Extract from milk thistle known as silymarin is sold over-the-counter as supplements, and research has suggested as many as one-third of people with hepatitis C, a virus that causes liver swelling, have tried it.

But in the new study, the extract was no better than a drug-free placebo at easing signs of the disease among people who hadn’t responded to traditional remedies, such as peginterferon and ribavirin.

“Taking (silymarin) would be unlikely to have any benefit for them,” said Dr. Michael Fried, the lead researcher on the new study from the University of North Carolina at Chapel Hill.

“Focusing on keeping a healthy lifestyle to try to minimize liver damage – that’s probably more important than taking these supplements,” Fried told Reuters Health.

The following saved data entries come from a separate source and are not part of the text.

Lemma mixed_frame_op_le x : 0 < delta ->
  rnorm (mixed_frame_op x) <= delta * rnorm x.
Proof.
move=> delta_gt0; have [x0|x_neq0] := eqVneq (rnorm x) 0.
  rewrite x0 mulr0 mixed_frame_op_eq0 => [|n]; last by rewrite (rnorm_eq0 x0) ip0l.
  by rewrite /rnorm normr0.
have x_gt0 : 0 < rnorm x by rewrite lt0r x_neq0 rnorm_ge0.
(* Cauchy-Schwarz for the series, via the weighted bound with s = delta / |x|. *)
have s_gt0 : 0 < delta / rnorm x by rewrite divr_gt0.
rewrite -realify_normE /mixed_frame_op.
apply: (le_trans (lim_series_norm (@mixed_normed_cvg x))).
apply: limr_le; first exact: mixed_normed_cvg.
apply: nearW => N; apply: (le_trans (mixed_normed_series_le x N s_gt0)).
suff -> : (delta / rnorm x * rnorm x ^+ 2 + (delta / rnorm x)^-1 * delta ^+ 2) / 2
  = delta * rnorm x by [].
by rewrite invf_div; field; rewrite !gt_eqF.
Qed.

Lemma mixed_frame_op_linear : linear mixed_frame_op.
Proof.
move=> a x y; pose Sa := realify_op (@scale_linear _ V a).
have Sa_bounded v : `|Sa v| <= rnorm a * `|v| by rewrite !realify_normE rnormZ.
have series_lin N : series (mixed_term (a *: x + y)) N =
    (a *: (series (mixed_term x) N : V) : realify V) + series (mixed_term y) N.
  rewrite /series /= scaler_sumr -big_split; apply: eq_bigr => n _.
  by rewrite /mixed_term ipPl // scalerDl scalerA.
rewrite /mixed_frame_op; apply: (@cvg_lim _ (@norm_hausdorff _ (realify V))).
rewrite (funext series_lin); apply: cvgD; last exact: mixed_series_cvg.
have Sa_cont := bounded_linear_cont Sa_bounded.
exact: (continuous_cvg _ (Sa_cont _) (@mixed_series_cvg x)).
Qed.

Lemma mixed_frame_op_orthonormal n :
  (forall k, ip (w n) (w k) = (k == n)%:R) -> mixed_frame_op (w n) = d n.
Proof.
move=> wn_on; apply: (@lim_near_cst _ (@norm_hausdorff _ (realify V))).
exists n.+1 => // N /= nN.
rewrite /series /= (bigD1_seq n) ?mem_index_iota ?iota_uniq //=.
rewrite /mixed_term wn_on eqxx scale1r big1_seq ?addr0 // => k /andP[kn _].
by rewrite wn_on (negbTE kn) scale0r.
Qed.

End MixedFrameOperator.

Section PrIndexExtend.
Variables (sigma : seq nat) (m N0 : nat).

Definition pr_moved : seq nat := [seq n <- iota 0 N0 | n \notin sigma].

Local Notation sigma' := (sigma ++ iota 0 N0).
Local Notation m' := (m + size pr_moved)%N.
(* For every $J\subseteq[n]$, the arrangement $\widetilde{\mathcal B_J}$ is free with exponents $(b_{J,1},\dots,b_{J,n})$, where $b_{J,i}=2\,|\{1,\dots,i-1\}\setminus J|+1$.
   Context: $H_\alpha$ is the zero set in $\mathbb C^n$ of a nonzero linear form $\alpha$. $\operatorname{Der}(\mathbb C[\mathbf x_n])=\bigoplus_i\mathbb C[\mathbf x_n]\partial_i$; a derivation $\sum_if_i\partial_i$ is homogeneous of degree $d$ if all $f_i$ are homogeneous of degree $d$. For an arrangement $\mathcal A$, $\operatorname{Der}(\mathcal A)=\{\delta:\alpha\mid\delta(\alpha)\ \forall H_\alpha\in\mathcal A\}$; $\mathcal A$ is free with exponents $(e_1,\dots,e_n)$ if $\operatorname{Der}(\mathcal A)$ has a $\mathbb C[\mathbf x_n]$-basis of homogeneous derivations of degrees $e_1,\dots,e_n$. For $J\subseteq[n]$, $\widetilde{\mathcal B_J}$ is the arrangement consisting of $H_{x_j}$ for all $1\le j\le n$ together with $H_{x_j-x_i}$ and $H_{x_j+x_i}$ for all $j\in[n]\setminus J$ and $j<i\le n$. *)

From HB Require Import structures.
From mathcomp Require Import all_boot all_order all_algebra.
From mathcomp Require Import reals.
From mathcomp Require Import complex.
From mathcomp Require Import mpoly.
Set Implicit Arguments. Unset Strict Implicit. Unset Printing Implicit Defensive.
Import Order.TTheory GRing.Theory Num.Theory.
Local Open Scope ring_scope.

Section Arr.
Context {F : fieldType} {n : nat}.

(* polynomial ring F[x_1..x_n] is {mpoly F[n]}; variable x_{i+1} is 'X_i *)

(* A derivation sum_i f_i d_i is represented by its coefficient vector (f_i). *)
Definition derivation := {ffun 'I_n -> {mpoly F[n]}}.

Definition der_apply (delta : derivation) (p : {mpoly F[n]}) : {mpoly F[n]} :=
  \sum_(i < n) delta i * mderiv i p.

Definition der_homog (d : nat) (delta : derivation) : Prop :=
  forall i, delta i \is d.-homog.

Definition mdvd (a b : {mpoly F[n]}) : Prop := exists q, b = q * a.
Lemma rat_image_loop_language (M : Type) (mul : M -> M -> M) (one : M)
    (X1 X2 : finType) (g1 : X1 -> M) (g2 : X2 -> M) :
  (forall y, exists w, rmul_word mul g1 (g2 y) w) ->
  rat_image (loop_language mul g1 one) (loop_language mul g2 one).
Proof.
move=> /lpath_transfer [phi Hphi].
apply: rat_image_ext
  (rat_image_affix_preimage [::] [::] phi (loop_language mul g1 one)) => // v.
by rewrite cats0; apply: Hphi.
Qed.

Definition is_inl {A B : Type} (a : A + B) : bool := if a is inl _ then true else false.
Definition is_inr {A B : Type} (a : A + B) : bool := if a is inr _ then true else false.

Section Semigroup.
Variables (S : Type) (op : S -> S -> S).
Hypothesis op_assoc : forall a b c, op a (op b c) = op (op a b) c.

Local Notation S1 := (adj1_mul op).

Lemma word_act_op X (f : X -> S) m a w :
  op m (word_act op f a w) = word_act op f (op m a) w.
Proof. by elim: w a => [|x w IHw] a //=; rewrite IHw op_assoc. Qed.

Lemma word_act_Some X (f : X -> S) a w :
  word_act S1 (fun x => Some (f x)) (Some a) w = Some (word_act op f a w).
Proof. by elim: w a => [|x w IHw] a //=; apply: IHw. Qed.

Lemma sg_generates_rmul_word_adj1 X (f : X -> S) : sg_generates op f ->
  forall s, exists w, rmul_word S1 (fun x => Some (f x)) (Some s) w.
Proof.
move=> gen s; have [x [w ->]] := gen s.
by exists (x :: w) => -[a|] /=; rewrite word_act_Some // word_act_op.
Qed.

Lemma sg_generates_rmul_word X (f : X -> S) : sg_generates op f ->
  forall s, exists w, rmul_word op f s w.
Proof.
move=> /sg_generates_rmul_word_adj1 gen s; have [w Hw] := gen s.
by exists w => m; have := Hw (Some m); rewrite /= word_act_Some => -[].
Qed.

Lemma lpath_adj1_Some X (f : X -> S) w m m' :
  lpath op f m w m' -> lpath S1 (fun x => Some (f x)) (Some m) w (Some m').
Proof.
elim: w m => [|[x|x] w IHw] m /=; first by move->.
  exact: IHw.
by case=> m0 [<- p]; exists (Some m0); split; last exact: IHw.
Qed.

Lemma lpath_adj1_odflt X (f : X -> S) e : (forall x, op e (f x) = f x) ->
  forall w a b, lpath S1 (fun x => Some (f x)) a w b -> lpath op f (odflt e a) w (odflt e b).
Proof.
move=> mul1f.
have odflt_mul a x : odflt e (S1 a (Some (f x))) = op (odflt e a) (f x).
  by case: a => [a|] /=; rewrite ?mul1f.
elim=> [|[x|x] w IHw] a b /=; first by move->.
  by move/IHw; rewrite odflt_mul.
by case=> m0 [<- p]; exists (odflt e m0); split; [rewrite odflt_mul|exact: IHw].
Qed.

Variable e : S.
Hypotheses (mul1S : forall a, op e a = a) (mulS1 : forall a, op a e = a).

Lemma mon_generates_rmul_word X (f : X -> S) : mon_generates op e f ->
  forall s, exists w, rmul_word op f s w.
Proof. by move=> gen s; have [w ->] := gen s; exists w => m; rewrite word_act_op mulS1. Qed.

In his new study, sponsored by the National Institutes of Health, 154 people with chronic hepatitis C who hadn’t gotten any better taking standard prescription drugs were randomly assigned to down one of two doses of silymarin or a placebo, three times a day for almost half a year.

Both doses of silymarin – 420 milligrams and 700 milligrams – were higher than the traditional amount in most supplements.

At the beginning and end of the study period, the researchers measured levels of liver enzymes in the patients’ blood, which reflect how well the liver is working.

And after 24 weeks of treatment, only six people – two in each silymarin group and two in the placebo group – saw their enzyme levels return to normal or at least drop enough to suggest significant improvement, according to findings published Tuesday in the Journal of the American Medical Association.

That finding “certainly does not provide any real rationale or reason for patients with chronic hepatitis C to use milk thistle or silymarin in hopes of having a beneficial effect,” said Dr. Herbert Bonkovsky, head of research at the Liver-Biliary-Pancreatic Center at Carolinas HealthCare System in Charlotte, North Carolina.

Chronic hepatitis C infection can eventually lead to liver scarring or cancer. According to the Centers for Disease Control and Prevention, about 3.2 million Americans have the disease, although most don’t know it because they often don’t have symptoms.

Bonkovsky said it may be that doses of silymarin, an antioxidant, are just too low when the extract is taken orally. Preliminary research, he noted, suggests daily intravenous versions may be a better – though less convenient – option.

In the United States, silymarin supplements can be bought at pharmacies or over the internet without a prescription. They sell for about $15 per month for a dose similar to the lower level used in the study.

The supplements tested by Fried and his colleagues were donated by Rottapharm Madaus, which markets silymarin in Europe and Asia, and some of the researchers have received grants from that and other pharmaceutical companies.


The supplements were not tied to any side effects in the new study, and Bonkovsky said milk thistle seems to be safe. But he still cautioned that because dietary supplements “are not really regulated in any meaningful way,” it’s hard for patients to know exactly what they’re buying.

Besides silymarin, another alternative for people with liver disease who also have high iron levels is iron-reduction therapy to prevent liver scarring, according to Bonkovsky, who wasn’t involved in the new research.

Fried said the focus for people who don’t respond to traditional liver drugs should be on improving their lifestyle.

“Avoiding things like alcohol and maintaining your ideal body weight will go a long way toward maintaining liver health in people with hepatitis C,” Fried said.

In addition, he added, “It’s important to stress that there are a lot of advances in hepatitis C (treatment) for people who previously didn’t respond to interferon-based medication.”